Thailand Footprint: The People, Things, Literature, and Music of Thailand and the Region

Posts from the ‘Phnom Penh’ category

We will end the month with a good news post here at Thailand Footprint. Below is a current picture of the 12 up-country Thai students being sponsored through the leadership and generosity of Heaven Lake Press and their readers. Following the picture is a Press Release from Heaven Lake Press about the anthology, Phnom Penh Noir, edited by Christopher G. Moore and written by 15 authors, which has benefited some of Cambodia’s poorest. There are also links for anyone who would be so inclined to seek out more information about two organizations doing some good: Blood Foundation and FLOW.

‘A Dark Book With a Heart’
Phnom Penh Noir publisher and authors
support street children’s education

Phnom Penh Noir Bangkok (25 July 2013) – At the heart of noir literature may be wretchedness and misery, but even a very dark fiction is not devoid of hope and has a heart.

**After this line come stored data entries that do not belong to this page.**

(* The following transitive interval exchange transformations exist: (a) for each $f\in\{1,2,3\}$, a transitive $4$-IET with exactly $f$ flips and without fake discontinuities; (b) a transitive $5$-IET with exactly $5$ flips having exactly one fake discontinuity; (c) a transitive $5$-IET with exactly $5$ flips and without fake discontinuities.
   Context: An $n$-IET $T$ of $[0,\ell]$ is given by a partition $0=a_0<\dots<a_n=\ell$, domain intervals $I_i=(a_{i-1},a_i)$, and an injective map $T:\bigcup I_i\to[0,\ell]$ that is an isometry on each $I_i$ and cannot be continuously extended to a larger open set. Let $J_1,\dots,J_n$ be the range intervals, ordered left to right. Define the permutation $\pi$ of $\{1,\dots,n\}$ by $T(I_i)=J_{\pi(i)}$ and $\theta_i=+1$ if $T$ preserves orientation on $I_i$, $\theta_i=-1$ if it reverses it (a flip). $T$ has a fake discontinuity if precisely one of the following happens: (a) for exactly one $1\le i\le n-1$, $\pi(i)=n$, $\pi(i+1)=1$ and $\theta_i=\theta_{i+1}=+1$; (b) for exactly one $1\le i\le n-1$, $\pi(i)=1$, $\pi(i+1)=n$ and $\theta_i=\theta_{i+1}=-1$; (c) $\pi(1)=\pi(n)+1$ and $\theta_1=\theta_n=+1$; (d) $\pi(1)=\pi(n)-1$ and $\theta_1=\theta_n=-1$. $T$ is without fake discontinuities if none of (a)–(d) occurs. $T$ is transitive if some orbit $\{T^m(p): m\in\mathbb{Z},\ p\in\mathrm{Dom}(T^m)\}$ is dense in $[0,\ell]$. *)

From Stdlib Require Import Reals Lra Lia Arith.
Open Scope R_scope.

Fixpoint sumR (f : nat -> R) (n : nat) : R :=
  match n with
  | O => 0
  | S k => sumR f k + f (S k)
  end.

Fixpoint countb (p : nat -> bool) (n : nat) : nat :=
  match n with
  | O => O
  | S k => (countb p k + (if p (S k) then 1 else 0))%nat
  end.

(* Combinatorial data of an n-IET (indices 1..n):
   lam i  = length of the domain interval I_i,
   pi     = the permutation, T(I_i) = J_(pi i),
   flip i = true iff theta_i = -1 (T reverses orientation on I_i). *)
Record IET := mkIET {
  nI : nat;
  lam : nat -> R;
  pi : nat -> nat;
  flip : nat -> bool
}.

Definition len (T : IET) : R := sumR (lam T) (nI T).

Definition apt (T : IET) (i : nat) : R := sumR (lam T) i.

(* right endpoint of the range interval J_k (left endpoint is bpt (k-1)):
   the J_k are ordered left to right, |J_(pi i)| = |I_i| *)
Definition bpt (T : IET) (k : nat) : R :=
  sumR (fun j => if Nat.leb (pi T j) k then lam T j else 0) (nI T).

(* the map T : union of I_i -> [0,l], as a (functional) relation T x = y *)
Definition Tmap (T : IET) (x y : R) : Prop :=
  exists i : nat, (1 <= i <= nI T)%nat /\
    apt T (i - 1) < x < apt T i /\
    y = (if flip T i
         then bpt T (pi T i) - (x - apt T (i - 1))
         else bpt T (pi T i - 1) + (x - apt T (i - 1))).

Definition IET_data_ok (T : IET) : Prop :=
  (forall i, (1 <= i <= nI T)%nat -> 0 < lam T i) /\
  (forall i, (1 <= i <= nI T)%nat -> (1 <= pi T i <= nI T)%nat) /\
  (forall i j, (1 <= i <= nI T)%nat -> (1 <= j <= nI T)%nat ->
      pi T i = pi T j -> i = j).

(* T cannot be continuously extended to a larger open set: at no interior
   partition point a_i (1 <= i <= n-1) does T have a limit. *)
Definition not_extendable (T : IET) : Prop :=
  forall i, (1 <= i <= nI T - 1)%nat ->
    ~ (exists y : R, forall eps, 0 < eps -> exists delta, 0 < delta /\
         forall x z, Tmap T x z -> x <> apt T i -> Rabs (x - apt T i) < delta ->
           Rabs (z - y) < eps).

Definition is_IET (T : IET) : Prop := IET_data_ok T /\ not_extendable T.

Definition nflips (T : IET) : nat := countb (flip T) (nI T).

Fixpoint iter_rel (F : R -> R -> Prop) (m : nat) (x y : R) : Prop :=
  match m with
  | O => x = y
  | S k => exists z, F x z /\ iter_rel F k z y
  end.

(* the orbit {T^m(p) : m in Z, p in Dom(T^m)}; T^(-m)(p) = q iff T^m(q) = p *)
Definition orbit (T : IET) (p q : R) : Prop :=
  exists m : nat, iter_rel (Tmap T) m p q \/ iter_rel (Tmap T) m q p.

Definition dense_in_0l (T : IET) (S : R -> Prop) : Prop :=
  forall x, 0 <= x <= len T -> forall eps, 0 < eps ->
    exists q, S q /\ Rabs (q - x) < eps.

Definition transitive (T : IET) : Prop :=
  exists p, 0 <= p <= len T /\ dense_in_0l T (orbit T p).

Definition fakeA (T : IET) : Prop :=
  exists! i : nat, (1 <= i <= nI T - 1)%nat /\ pi T i = nI T /\ pi T (S i) = 1%nat
    /\ flip T i = false /\ flip T (S i) = false.
Definition fakeB (T : IET) : Prop :=
  exists! i : nat, (1 <= i <= nI T - 1)%nat /\ pi T i = 1%nat /\ pi T (S i) = nI T
    /\ flip T i = true /\ flip T (S i) = true.
Definition fakeC (T : IET) : Prop :=
  pi T 1 = S (pi T (nI T)) /\ flip T 1 = false /\ flip T (nI T) = false.
Definition fakeD (T : IET) : Prop :=
  S (pi T 1) = pi T (nI T) /\ flip T 1 = true /\ flip T (nI T) = true.

Definition has_fake_discontinuity (T : IET) : Prop :=
  (fakeA T /\ ~ fakeB T /\ ~ fakeC T /\ ~ fakeD T) \/
  (~ fakeA T /\ fakeB T /\ ~ fakeC T /\ ~ fakeD T) \/
  (~ fakeA T /\ ~ fakeB T /\ fakeC T /\ ~ fakeD T) \/
  (~ fakeA T /\ ~ fakeB T /\ ~ fakeC T /\ fakeD T).

Definition without_fake_discontinuities (T : IET) : Prop :=
  ~ fakeA T /\ ~ fakeB T /\ ~ fakeC T /\ ~ fakeD T.

From Stdlib Require Import Reals Lra Lia ZArith List.
Import ListNotations.
Open Scope R_scope.

(* All five examples are built on the golden number alpha = (sqrt 5 - 1) / 2.
   Each contains a window (c, c + 1), with c in Z + Z alpha, on which the first
   return map of T is the rotation x |-> x + alpha mod 1 (away from Z + Z alpha,
   where the itineraries may change).  Odd powers of alpha are arbitrarily small
   positive elements of N alpha - N, so the forward multiples of alpha are dense
   modulo 1; as alpha is irrational, the orbit of the midpoint of the window never
   meets Z + Z alpha, hence it is dense in the window.  Finitely many isometric
   pieces of the window, each carried along a fixed itinerary of T, have images
   sweeping [0, l], and they spread this density over the whole interval.  T is
   not extendable because it jumps at every interior partition point. *)

Definition alpha : R := (sqrt 5 - 1) / 2.

Lemma alpha_sq : alpha * alpha = 1 - alpha.
Proof.
  unfold alpha. pose proof (sqrt_sqrt 5 ltac:(lra)). nra.
Qed.

Lemma alpha_approx : 0.6180339 < alpha < 0.6180340.
Proof.
  unfold alpha. pose proof (sqrt_sqrt 5 ltac:(lra)). pose proof (sqrt_pos 5).
  split; nra.
Qed.

(* Infinite descent: if [p alpha = q] with [0 < p], then [0 < q < p] and [q alpha = p - q]. *)
Lemma alpha_irrational (m n : Z) : m <> 0%Z -> IZR m * alpha <> IZR n.
Proof.
  pose proof alpha_approx.
  assert (Hpos : forall p, (0 <= p)%Z -> (0 < p)%Z -> forall q, IZR p * alpha <> IZR q).
  { intros p0 Hp0. pattern p0. apply Z_lt_induction; [| exact Hp0].
    intros p IH Hp q Hpq.
    assert (Hq : (0 < q < p)%Z).
    { assert (0 < IZR p) by (apply IZR_lt; lia). split; apply lt_IZR; nra. }
    apply (IH q ltac:(lia) ltac:(lia) (p - q)%Z).
    rewrite minus_IZR, <- Hpq, Rmult_assoc, alpha_sq. ring. }
  intros Hm Hmn. destruct (Z_lt_le_dec 0 m) as [Hm0 | Hm0].
  - exact (Hpos m ltac:(lia) Hm0 n Hmn).
  - apply (Hpos (- m)%Z ltac:(lia) ltac:(lia) (- n)%Z).
    rewrite !opp_IZR, <- Hmn. ring.
Qed.

Definition golden_lattice (x : R) : Prop := exists a b : Z, x = IZR a + IZR b * alpha.

Lemma half_off_lattice (x : R) : golden_lattice x -> ~ golden_lattice (x + 1 / 2).
Proof.
  intros [a [b ->]] [a' [b' H]].
  destruct (Z.eq_dec b b') as [<- | Hb].
  - assert (Ha : IZR (2 * (a' - a)) = IZR 1) by (rewrite mult_IZR, minus_IZR; lra).
    apply eq_IZR in Ha. lia.
  - apply (alpha_irrational (2 * (b - b')) (2 * (a' - a) - 1)); [lia |].
    repeat rewrite ?mult_IZR, ?minus_IZR. lra.
Qed.

Lemma off_lattice_split (x : R) (a b : Z) : ~ golden_lattice x ->
  x < IZR a + IZR b * alpha \/ IZR a + IZR b * alpha < x.
Proof.
  intro Hx. destruct (Rtotal_order x (IZR a + IZR b * alpha)) as [H | [H | H]]; auto.
  exfalso. apply Hx. exists a, b. exact H.
Qed.

Lemma alpha_odd_power (j : nat) : exists N K : nat, alpha ^ (2 * j + 1) = INR N * alpha - INR K.
Proof.
  induction j as [|j [N [K IH]]].
  - exists 1%nat, 0%nat. simpl. ring.
  - exists (2 * N + K)%nat, (N + K)%nat.
    replace (2 * S j + 1)%nat with (2 + (2 * j + 1))%nat by lia.
    rewrite pow_add, IH, !plus_INR, !mult_INR. simpl.
    replace (alpha * (alpha * 1)) with (1 - alpha) by (rewrite <- alpha_sq; ring).
    replace ((1 - alpha) * (INR N * alpha - INR K))
      with (INR N * alpha - INR K - INR N * (alpha * alpha) + INR K * alpha) by ring.
    rewrite alpha_sq. ring.
Qed.

Lemma alpha_small_combination (e : R) : 0 < e -> exists N K : nat, 0 < INR N * alpha - INR K < e.
Proof.
  intro He. pose proof alpha_approx.
  assert (Ha : Rabs alpha < 1) by (rewrite Rabs_right; lra).
  destruct (pow_lt_1_zero alpha Ha e He) as [n Hn].
  destruct (alpha_odd_power n) as [N [K HNK]].
  exists N, K. rewrite <- HNK. split.
  - apply pow_lt. lra.
  - specialize (Hn (2 * n + 1)%nat ltac:(lia)).
    rewrite Rabs_right in Hn; [exact Hn |]. left. apply pow_lt. lra.
Qed.

Lemma exists_multiple_in_step (d t : R) : 0 < d -> 0 <= t -> exists j : nat, t < INR j * d <= t + d.
Proof.
  intros Hd Ht. destruct (INR_archimed d t Hd) as [n Hn].
  induction n as [|n IH].
  - simpl in Hn. lra.
  - rewrite S_INR in Hn.
    destruct (Rlt_le_dec t (INR n * d)) as [Hlt | Hle].
    + exact (IH Hlt).
    + exists (S n). rewrite S_INR. lra.
Qed.

Lemma alpha_orbit_dense (p u v : R) : u < v ->
  exists (M : nat) (k : Z), u < p + INR M * alpha - IZR k < v.
Proof.
  intro Huv.
  destruct (alpha_small_combination (v - u) ltac:(lra)) as [N [K HNK]].
  set (d := INR N * alpha - INR K) in HNK.
  destruct (archimed (p - u)) as [Hup _].
  set (m := up (p - u)) in Hup.
  destruct (exists_multiple_in_step d (u + IZR m - p) ltac:(lra) ltac:(lra)) as [j Hj].
  exists (j * N)%nat, (Z.of_nat (j * K) + m)%Z.
  rewrite plus_IZR, <- INR_IZR_INZ, !mult_INR.
  replace (p + INR j * INR N * alpha - (INR j * INR K + IZR m))
    with (p + INR j * d - IZR m) by (unfold d; ring).
  lra.
Qed.

Definition reaches (T : IET) (x y : R) : Prop := exists m, iter_rel (Tmap T) m x y.

Lemma reaches_eq (T : IET) (x y : R) : x = y -> reaches T x y.
Proof. intro H. exists O. exact H. Qed.

Lemma reaches_step (T : IET) (x z y : R) : Tmap T x z -> reaches T z y -> reaches T x y.
Proof. intros H [m Hm]. exists (S m), z. auto. Qed.

Lemma iter_rel_add (F : R -> R -> Prop) (m k : nat) (x y z : R) :
  iter_rel F m x y -> iter_rel F k y z -> iter_rel F (m + k) x z.
Proof.
  revert x. induction m as [|m IH]; intros x H1 H2; simpl in *.
  - subst. exact H2.
  - destruct H1 as [w [Hxw Hwy]]. exists w. auto.
Qed.

Lemma reaches_trans (T : IET) (x y z : R) : reaches T x y -> reaches T y z -> reaches T x z.
Proof. intros [m Hm] [k Hk]. exists (m + k)%nat. exact (iter_rel_add _ _ _ _ _ _ Hm Hk). Qed.

(* [Piece a b rev t] is the isometry [x |-> t - x] (if [rev]) or [x |-> x + t] on [(a, b)]. *)
Record piece := Piece { pa : R; pb : R; prev : bool; pt : R }.

Definition piece_map (q : piece) (x : R) : R := if prev q then pt q - x else x + pt q.
Definition piece_lo (q : piece) : R := if prev q then pt q - pb q else pa q + pt q.
Definition piece_hi (q : piece) : R := if prev q then pt q - pa q else pb q + pt q.

Lemma piece_map_dist (q : piece) (x y : R) :
  Rabs (piece_map q x - piece_map q y) = Rabs (x - y).
Proof.
  unfold piece_map. destruct (prev q).
  - rewrite <- Rabs_Ropp. f_equal. ring.
  - f_equal. ring.
Qed.

Lemma piece_preimage (q : piece) (y : R) : piece_lo q <= y <= piece_hi q ->
  exists y0, pa q <= y0 <= pb q /\ piece_map q y0 = y.
Proof.
  unfold piece_lo, piece_hi, piece_map. destruct (prev q); intro Hy.
  - exists (pt q - y). split; [lra | ring].
  - exists (y - pt q). split; [lra | ring].
Qed.

Fixpoint covers (ps : list piece) (u v : R) : Prop :=
  match ps with
  | [] => False
  | q :: ps' => piece_lo q <= u /\ (v <= piece_hi q \/ covers ps' (piece_hi q) v)
  end.

Lemma covers_In (ps : list piece) (u v y : R) : covers ps u v -> u <= y <= v ->
  exists q, In q ps /\ piece_lo q <= y <= piece_hi q.
Proof.
  revert u. induction ps as [|q ps IH]; intros u Hcov Hy; [contradiction |].
  destruct Hcov as [Hlo Hrest].
  destruct (Rle_lt_dec y (piece_hi q)) as [Hle | Hlt].
  - exists q. split; [left; reflexivity | lra].
  - destruct Hrest as [Hv | Hcov]; [lra |].
    destruct (IH (piece_hi q) Hcov ltac:(lra)) as [q' [Hin Hq']].
    exists q'. split; [right; exact Hin | exact Hq'].
Qed.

Heaven Lake Press (HLP) and the 15 authors of Phnom Penh Noir join in helping disadvantaged children’s education in Cambodia. A USD 1,500 donation has been made to two organizations helping poor street children and orphans. The fund comes from 20 per cent of the publisher’s net proceeds and 20 per cent of the authors’ royalties from the first six months of the book sales, since the book was launched in Phnom Penh in November 2012.

A $750 donation to Friends-International will help 25 young street children (aged 6-12 years) in their reintegration to public school in Cambodia. The $30 per child will go toward the children’s school fees, school uniforms, school bags, shoes, books and stationery.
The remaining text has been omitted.